Sunday 28 February 2021

Day 13, Monday, 1 March The amount you measure out

 

RETREAT IN LENT 2021

Day 13, Monday, 1 March 

The amount you measure out

The Old Testament is a story of peaks and troughs, high moments and low. The highs were the calling of Abraham, the formation of a community that would welcome the Messiah when he came, the establishment of Israel in ‘the promised land’ and the return from exile in Babylon. The lows were the rebellions in the desert, the wars, the abandonment of the covenant and the exile. Daniel (9:4-10), in exile, laments these disasters: ‘we have turned away.’

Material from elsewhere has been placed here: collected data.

(* Let $U_q(H_1,H_2,X^\pm)$ be the Hopf algebra described in the context, and put $E=K_2X^+$, $F=K_2^{-1}X^-$. Then $U_q(H_1,H_2,X^\pm)$ is quasitriangular with universal $R$-matrix $$\mathcal{R}=e^{-i\frac{\pi}{4}H_2\otimes H_2}\,q^{\frac14\left(H_1\otimes H_1-H_2\otimes H_2\right)}\left(1\otimes 1+(1-q^2)\,E\otimes F\right),$$ i.e. $\mathcal R$ is invertible, $\tau\circ\Delta(a)=\mathcal R\,\Delta(a)\,\mathcal R^{-1}$ for all $a$ (with $\tau$ the flip), $(\Delta\otimes\mathrm{id})\mathcal R=\mathcal R_{13}\mathcal R_{23}$ and $(\mathrm{id}\otimes\Delta)\mathcal R=\mathcal R_{13}\mathcal R_{12}$.
   Context: $q$ is a deformation parameter and exponentials of the generators are understood formally (e.g. as formal power series). Set $K_1=q^{H_1/2}$ and $K_2=e^{i\frac{\pi}{2}H_2}q^{H_2/2}$. $U_q(H_1,H_2,X^\pm)$ is the Hopf algebra generated by $H_1,H_2,X^+,X^-$ with relations $[H_1,H_2]=0$, $[H_1,X^\pm]=\pm2X^\pm$, $[H_2,X^\pm]=\mp 2X^\pm$, $[X^+,X^-]=\frac{K_1K_2-K_1^{-1}K_2^{-1}}{q-q^{-1}}$, $(X^\pm)^2=0$; coproduct $\Delta H_i=H_i\otimes1+1\otimes H_i$, $\Delta X^+=X^+\otimes K_1+K_2^{-1}\otimes X^+$, $\Delta X^-=X^-\otimes K_2+K_1^{-1}\otimes X^-$ (so $\Delta K_i=K_i\otimes K_i$); counit $\varepsilon(H_i)=\varepsilon(X^\pm)=0$; antipode $S(H_i)=-H_i$, $S(X^+)=-qK_1^{-1}K_2X^+$, $S(X^-)=qK_1K_2^{-1}X^-$. For $\mathcal R=\sum_i a_i\otimes b_i$, $\mathcal R_{12}=\sum a_i\otimes b_i\otimes1$, $\mathcal R_{13}=\sum a_i\otimes 1\otimes b_i$, $\mathcal R_{23}=\sum 1\otimes a_i\otimes b_i$. *)

From mathcomp Require Import all_boot all_algebra.
From mathcomp Require Import complex.
From mathcomp Require Import reals sequences exp trigo.
Set Implicit Arguments. Unset Strict Implicit. Unset Printing Implicit Defensive.
Import GRing.Theory Num.Theory.
Local Open Scope ring_scope.
Local Open Scope complex_scope.

Definition cexp {R : realType} (z : R[i]) : R[i] :=
  let: a +i* b := z in (expR a * cos b) +i* (expR a * sin b).

Section Model.
Variable R : realType.
Local Notation C := R[i].

(* The deformation parameter: q = e^h, so that q^x := e^(h x) makes sense   *)
(* for formal (here: complex-valued) exponents x.                          *)
Variable h : C.
Definition qpow (x : C) : C := cexp (h * x).
Definition q : C := qpow 1.
Definition ipi : C := 'i * (pi%:C).

(* Cartan functions of a weight x = (x1, x2) (values of H1, H2). *)
Definition K1f (x : C * C) : C := qpow (x.1 / 2%:R).
Definition K2f (x : C * C) : C := cexp (ipi / 2%:R * x.2) * qpow (x.2 / 2%:R).
Definition Cf (x : C * C) : C :=
  (K1f x * K2f x - (K1f x * K2f x)^-1) / (q - q^-1).

(* Completed n-fold tensor power of U_q(H1,H2,X^+-).                         *)
(* By the relations, U has the PBW basis  phi(H1,H2) (X^+)^e (X^-)^f with     *)
(* e,f in {0,1}.  Allowing "formal" functions phi of the Cartan generators   *)
(* (exponentials etc.), an element of the completed n-fold tensor power is   *)
(*   sum_M  a_M(H^(1),...,H^(n)) * M ,                                       *)
(* where M ranges over the tensor products of the 4 monomials               *)
(* (X^+)^e (X^-)^f in each leg, the coefficient a_M is a function of the     *)
(* 2n Cartan generators H^(k) = (H1^(k),H2^(k)) (written to the left), and   *)
(* leg k of M is (M k) = (e_k, f_k).                                        *)
Definition mon n := {ffun 'I_n -> bool * bool}.
Definition Elt n := mon n -> ('I_n -> C * C) -> C.

(* commutation  (X^+)^e (X^-)^f phi(H1,H2) = phi(H1-2e+2f, H2+2e-2f) (X^+)^e (X^-)^f *)
Definition shift (m : bool * bool) (x : C * C) : C * C :=
  (x.1 - (m.1%:R *+ 2) + (m.2%:R *+ 2), x.2 + (m.1%:R *+ 2) - (m.2%:R *+ 2)).

(* single-leg structure constants:                                          *)
(* (X^+)^e (X^-)^f (X^+)^e' (X^-)^f' = sum_m'' c m m' m''(H) m''            *)
(* using X^- X^+ = X^+ X^- - Cf(H), (X^+)^2 = (X^-)^2 = 0.                  *)
Definition coef (m m' m'' : bool * bool) (x : C * C) : C :=
  let: (e, f) := m in let: (e', f') := m' in
  if f && e' then
    ((~~ e && ~~ f' && (m'' == (true, true)))%:R)
    - ((m'' == (e, f'))%:R) * Cf (shift (e, false) x)
  else if (e && e') || (f && f') then 0
  else ((m'' == (e || e', f || f'))%:R).

Definition mshift n (M : mon n) (x : 'I_n -> C * C) : 'I_n -> C * C :=
  fun k => shift (M k) (x k).

Definition eadd n (a b : Elt n) : Elt n := fun M x => a M x + b M x.
Definition escale n (c : C) (a : Elt n) : Elt n := fun M x => c * a M x.
Definition emul n (a b : Elt n) : Elt n := fun M'' x =>
  \sum_(M : mon n) \sum_(M' : mon n)
     a M x * b M' (mshift M x) * \prod_(k < n) coef (M k) (M' k) (M'' k) (x k).

Definition mon0 n : mon n := [ffun _ => (false, false)].
Definition efun n (phi : ('I_n -> C * C) -> C) : Elt n :=
  fun M x => if M == mon0 n then phi x else 0.
Definition eone n : Elt n := efun (fun _ => 1).
Definition monk n (k : 'I_n) (m : bool * bool) : mon n :=
  [ffun j => if j == k then m else (false, false)].
Definition Xp n (k : 'I_n) : Elt n := fun M _ => (M == monk k (true, false))%:R.
Definition Xm n (k : 'I_n) : Elt n := fun M _ => (M == monk k (false, true))%:R.
Definition K1 n (k : 'I_n) : Elt n := efun (fun x => K1f (x k)).
Definition K2 n (k : 'I_n) : Elt n := efun (fun x => K2f (x k)).
Definition K1i n (k : 'I_n) : Elt n := efun (fun x => (K1f (x k))^-1).
Definition K2i n (k : 'I_n) : Elt n := efun (fun x => (K2f (x k))^-1).

(* Leg embedding A_n -> A_m along an injection j : 'I_n -> 'I_m,            *)
(* e.g. a (x) b |-> a (x) 1 (x) b  for  R |-> R_13.                         *)
Definition emb n m (j : 'I_n -> 'I_m) (a : Elt n) : Elt m := fun M x =>
  if [forall l : 'I_m, (l \notin codom j) ==> (M l == (false, false))]
  then a [ffun k => M (j k)] (fun k => x (j k)) else 0.

Definition i0 : 'I_2 := ord0.
Definition i1 : 'I_2 := ord_max.
Definition flip2 (k : 'I_2) : 'I_2 := if k == i0 then i1 else i0.
Definition tau (a : Elt 2) : Elt 2 := fun M x => a [ffun k => M (flip2 k)] (fun k => x (flip2 k)).

(* General algebra map A_n -> A_m determined by the image of the Cartan    *)
(* generators (a substitution L on weights) and the images xp k, xm k of     *)
(* X^+ and X^- in leg k:                                                     *)
(*   sum_M a_M(H) M  |->  sum_M a_M(L(H')) prod_k xp_k^(e_k) xm_k^(f_k).    *)
Definition monimg n m (xp xm : 'I_n -> Elt m) (M : mon n) : Elt m :=
  foldr (fun k acc => emul (emul (if (M k).1 then xp k else @eone m)
                                  (if (M k).2 then xm k else @eone m)) acc)
        (@eone m) (enum 'I_n).
Definition subst n m (L : ('I_m -> C * C) -> ('I_n -> C * C))
  (xp xm : 'I_n -> Elt m) (a : Elt n) : Elt m := fun M'' y =>
  \sum_(M : mon n) emul (efun (fun y => a M (L y))) (monimg xp xm M) M'' y.

Definition addw (u v : C * C) : C * C := (u.1 + v.1, u.2 + v.2).

(* coproduct  Delta : A_1 -> A_2 :  Delta H_i = H_i (x) 1 + 1 (x) H_i,      *)
(* Delta X^+ = X^+ (x) K1 + K2^-1 (x) X^+,  Delta X^- = X^- (x) K2 + K1^-1 (x) X^- *)
Definition DXp : Elt 2 := eadd (emul (Xp i0) (K1 i1)) (emul (K2i i0) (Xp i1)).
Definition DXm : Elt 2 := eadd (emul (Xm i0) (K2 i1)) (emul (K1i i0) (Xm i1)).
Definition Delta (a : Elt 1) : Elt 2 :=
  subst (fun y _ => addw (y i0) (y i1)) (fun _ => DXp) (fun _ => DXm) a.

Definition j0 : 'I_3 := ord0.
Definition j1 : 'I_3 := inord 1.
Definition j2 : 'I_3 := ord_max.
Definition leg01 (k : 'I_2) : 'I_3 := if k == i0 then j0 else j1.
Definition leg12 (k : 'I_2) : 'I_3 := if k == i0 then j1 else j2.
Definition leg02 (k : 'I_2) : 'I_3 := if k == i0 then j0 else j2.
Definition leg2 (k : 'I_1) : 'I_3 := j2.
Definition leg0 (k : 'I_1) : 'I_3 := j0.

But Daniel also knows the ‘mercy and pardon’ of God and his words are shot through with promise for the future. This promise is revealed in the reading from Luke (6:36-38); ‘your Father is compassionate. Be like him. The amount you measure out is the amount you will be given back’. The words are an echo of the Our Father; ‘forgive us as we forgive others.’

It is so clear that our happiness in is our own hands. We don’t have to be miserable - unless we choose to be! This may sound a ridiculous, even hurtful, thing to say when you consider the terrible lives some people are living. The internet shows us all sorts, for example; the Rohingya refugees adrift in the open seas, fleeing poverty and persecution, vulnerable to unscrupulous traffickers as well as the storms and cyclones and facing an unwelcome reception in the country to which they are fleeing.  And we can think too of the children in our own cities who live on the streets.

Some of our fellow human beings are forced into terrible conditions. Prophets and political leaders liken their experience to the Jews in Egypt or in the Babylonian captivity. Closer to home, we know people who live in stressful circumstances. I know it is easy to say, yet all these human circumstances can be improved or put right. Lent is a reminder that we ‘measure ourselves against the obstacle’ (Antoine de St Exupéry, Wind, Sand and Stars).  It is a time when we rouse ourselves to resist being crushed by circumstances we cannot control. When we do so we bring out the best in ourselves.